The prime minister might want to study neighboring South Korea, where President Park Geun Hye looks to be pioneering a smarter path. In her latest budget, Park has earmarked much of next year's 5.5 percent increase in public expenditures to encourage companies to offer more flexible schedules -- key for working mothers -- and to subsidize the prohibitive cost of childcare. For kids aged three to five, day care will now be free.

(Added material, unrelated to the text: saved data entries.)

Definition generator (f : config -> R) (x : config) : R :=
  sumV N (fun i => indS i x * inf_rate N T x i * (f (upd x i Inf) - f x)
                 + indI i x * gamma i * (f (upd x i Rem) - f x)).

Lemma sumC_rate_out (f : config -> R) x : In x (all_configs N) ->
  sumC N (fun y => rate N T gamma x y * f y) =
  sumV N (fun i => indS i x * inf_rate N T x i * f (upd x i Inf) + indI i x * gamma i * f (upd x i Rem)).
Proof.
  intros Hx. unfold rate.
  rewrite !sumC_sumL, sumV_sumL, (sumL_ext _ _ (fun y => sumL (seq 0 N) (fun i =>
     (if config_eq_dec y (upd x i Inf) then indS i x * inf_rate N T x i * f y else 0)
   + (if config_eq_dec y (upd x i Rem) then indI i x * gamma i * f y else 0)))).
  2:{ intros y _. rewrite !sumV_sumL, <- sumL_scalr. apply sumL_ext; intros i _.
      destruct (config_eq_dec y (upd x i Inf)), (config_eq_dec y (upd x i Rem)); lra. }
  rewrite sumL_swap. apply sumL_ext; intros m _.
  rewrite sumL_plus, <- !sumC_sumL, !sumC_delta by (apply upd_in; auto). reflexivity.
Qed.

Lemma expect_derivative (p : R -> config -> R) (f : config -> R) t : master_eq N T gamma p ->
  derivable_pt_lim (fun s => expect N p s f) t (expect N p t (generator f)).
Proof.
  intros H. unfold expect.
  replace (sumC N (fun x => p t x * generator f x)) with (sumC N (fun y =>
    (sumC N (fun x => p t x * rate N T gamma x y) - p t y * out_rate N T gamma y) * f y)).
  - apply (derivable_pt_lim_sumL _ (fun s y => p s y * f y)). intros y Hy.
    apply derivable_pt_lim_mult_const, H; auto.
  - rewrite !sumC_sumL.
    rewrite (sumL_ext _ _ (fun y => sumL (all_configs N) (fun x => p t x * (rate N T gamma x y * f y))
                                   - p t y * out_rate N T gamma y * f y)).
    2:{ intros y _. rewrite Rmult_minus_distr_r, sumC_sumL, <- sumL_scalr. f_equal.
        apply sumL_ext; intros; ring. }
    rewrite sumL_minus, sumL_swap, <- sumL_minus.
    apply sumL_ext; intros x Hx.
    rewrite sumL_scal, <- sumC_sumL, sumC_rate_out by auto. unfold generator, out_rate.
    rewrite !sumV_sumL, Rmult_assoc, <- sumL_scalr, <- Rmult_minus_distr_l, <- sumL_minus.
    f_equal. apply sumL_ext; intros; ring.
Qed.

End Chain.

Lemma gronwall_zero (V dV : R -> R) K :
  (forall t, derivable_pt_lim V t (dV t)) ->
  (forall t, 0 <= t -> dV t <= K * V t) ->
  (forall t, 0 <= t -> 0 <= V t) -> V 0 = 0 ->
  forall t, 0 <= t -> V t = 0.
Proof.
  intros HD Hle Hnn H0 t Ht.
  (* [V s * exp (- K s)] is nonnegative, nonincreasing and vanishes at [0]. *)
  set (g := fun s => V s * exp (- K * s)).
  set (dg := fun s => dV s * exp (- K * s) + V s * (exp (- K * s) * (- K))).
  assert (Hg : forall s, derivable_pt_lim g s (dg s)).
  { intros s. apply (derivable_pt_lim_mult V (fun s => exp (- K * s))); auto.
    apply (derivable_pt_lim_comp (fun s => - K * s) exp); [|apply derivable_pt_lim_exp].
    pose proof (derivable_pt_lim_scal (fun s => s) (- K) s 1 (derivable_pt_lim_id s)) as HK.
    rewrite Rmult_1_r in HK. exact HK. }
  assert (pr : derivable g) by (intros s; exists (dg s); apply Hg).
  destruct (Req_dec t 0) as [->|Hne]; [auto|].
  destruct (MVT_cor1 g 0 t pr) as [s [Hs Hs']]; [lra|].
  rewrite (derive_pt_eq_0 g s (dg s) (pr s) (Hg s)) in Hs.
  assert (dg s <= 0).
  { unfold dg. assert (Hk := Hle s ltac:(lra)). assert (0 < exp (- K * s)) by apply exp_pos. nra. }
  assert (g 0 = 0) by (unfold g; rewrite H0; ring).
  unfold g in *. assert (0 < exp (- K * t)) by apply exp_pos.
  assert (0 <= V t) by (apply Hnn; lra). nra.
Qed.

Definition neg_part_sq (z : R) : R := Rmin z 0 * Rmin z 0.

Lemma neg_part_sq_nonneg z : 0 <= neg_part_sq z.
Proof. unfold neg_part_sq; nra. Qed.

Lemma derivable_pt_lim_neg_part_sq z : derivable_pt_lim neg_part_sq z (2 * Rmin z 0).
Proof.
  intros eps Heps. exists (mkposreal (eps / 4) ltac:(lra)). intros h Hh0 Hh. simpl in Hh.
  assert (Hb : Rabs (neg_part_sq (z + h) - neg_part_sq z - 2 * Rmin z 0 * h) <= 2 * (h * h)).
  { unfold neg_part_sq, Rmin.
    destruct (Rle_dec (z + h) 0), (Rle_dec z 0); apply Rabs_le; split; nra. }
  replace ((neg_part_sq (z + h) - neg_part_sq z) / h - 2 * Rmin z 0) with
    ((neg_part_sq (z + h) - neg_part_sq z - 2 * Rmin z 0 * h) / h) by (field; auto).
  unfold Rdiv. rewrite Rabs_mult, Rabs_inv.
  assert (Ha : 0 < Rabs h) by (apply Rabs_pos_lt; auto).
  rewrite <- (Rabs_right (h * h)), Rabs_mult in Hb by nra.
  apply Rle_lt_trans with (2 * Rabs h); [|lra].
  replace (2 * Rabs h) with (2 * (Rabs h * Rabs h) * / Rabs h) by (field; lra).
  apply Rmult_le_compat_r; [left; apply Rinv_0_lt_compat|]; auto.
Qed.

Park has set some ambitious goals of her own, including raising the number of women in the work force to 62 percent by 2017, from the current 56 percent. While she could go further -- say, by setting quotas for female managers -- Moody's, for one, is impressed. The ratings agency has described Park's pro-women policies as "credit positive."

[. . .]

The private sector amply demonstrates the power of diversity, Bloomberg data show. Crunching the numbers, my Seoul-based colleague Esther Jang finds that the 24 Kospi 200 companies with at least one female board member outperform others in Korea by 22 percent. In Japan, the 180 companies in the Topix index that have a female board member (out of nearly 1,800) outperform by 33 percent. At Jack Ma's Alibaba, one third of 18 founding partners are women, as are nine of the company's 30 top decision makers. The company, a finalist for this year's Financial Times women-in-business award, recently pulled off history's biggest initial public offering.